TRY IT:
Return verbatim the run of lines that opens with the line holding "Lemma pair_vertex_inj j" and closes with the last line of the records.

RECORDS SHOWN:
Lemma weight_set_one x i : x i = false -> weight (set_one x i) = (weight x).+1.
Proof.
move=> xi; rewrite /weight.
have -> : [set j | set_one x i j] = i |: [set j | x j].
  by apply/setP => j; rewrite !inE ffunE.
by rewrite cardsU1 inE xi.
Qed.

Lemma weight_lt_false x : (weight x < m)%N -> exists i, x i = false.
Proof.
move=> lt_w; case: (pickP (fun i => ~~ x i)) => [i /negbTE xi|all_x]; first by exists i.
have x_full : [set j | x j] = setT by apply/setP => j; rewrite !inE; apply/negbFE/all_x.
by move: lt_w; rewrite /weight x_full cardsT card_ord ltnn.
Qed.

End Weight.

Section PairGraph.

Variable n : nat.
Implicit Types (x y : {ffun 'I_(n./2) -> bool}) (u v : 'I_n) (i j : 'I_(n./2)).

Lemma pair_vertex_subproof j (b : bool) : (j.*2 + b < n)%N.
Proof. by have := ltn_ord j; case: b => /=; lia. Qed.

Definition pair_vertex j b : 'I_n := Ordinal (pair_vertex_subproof j b).

Lemma pair_vertex_half j b : (pair_vertex j b : nat)./2 = j.
Proof. by case: b => /=; lia. Qed.

Lemma pair_vertex_odd j b : odd (pair_vertex j b) = b.
Proof. by rewrite /= addnC oddD odd_double; case: b. Qed.

Lemma pair_vertex_inj j j' b b' : pair_vertex j b = pair_vertex j' b' -> j = j' /\ b = b'.
Proof.
move=> eq_jb; split; last by rewrite -(pair_vertex_odd j b) eq_jb pair_vertex_odd.
by apply: val_inj; rewrite /= -(pair_vertex_half j b) eq_jb pair_vertex_half.
Qed.

Lemma Gx_adj_pair_vertex x j j' b b' :
  Gx_adj x (pair_vertex j b) (pair_vertex j' b') = if j == j' then (b != b') && x j else true.
Proof.
rewrite /Gx_adj !pair_vertex_half val_eqE.
have [<-|jj'] := eqVneq j j'; last by rewrite andbT; apply: contra_neq jj' => /pair_vertex_inj[].
have pair_vertex_j_inj : injective (pair_vertex j) by move=> c c' /pair_vertex_inj[].
by rewrite (inj_eq pair_vertex_j_inj) valK.
Qed.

EXERCISE SOLUTION:
Lemma pair_vertex_inj j j' b b' : pair_vertex j b = pair_vertex j' b' -> j = j' /\ b = b'.
Proof.
move=> eq_jb; split; last by rewrite -(pair_vertex_odd j b) eq_jb pair_vertex_odd.
by apply: val_inj; rewrite /= -(pair_vertex_half j b) eq_jb pair_vertex_half.
Qed.

Lemma Gx_adj_pair_vertex x j j' b b' :
  Gx_adj x (pair_vertex j b) (pair_vertex j' b') = if j == j' then (b != b') && x j else true.
Proof.
rewrite /Gx_adj !pair_vertex_half val_eqE.
have [<-|jj'] := eqVneq j j'; last by rewrite andbT; apply: contra_neq jj' => /pair_vertex_inj[].
have pair_vertex_j_inj : injective (pair_vertex j) by move=> c c' /pair_vertex_inj[].
by rewrite (inj_eq pair_vertex_j_inj) valK.
Qed.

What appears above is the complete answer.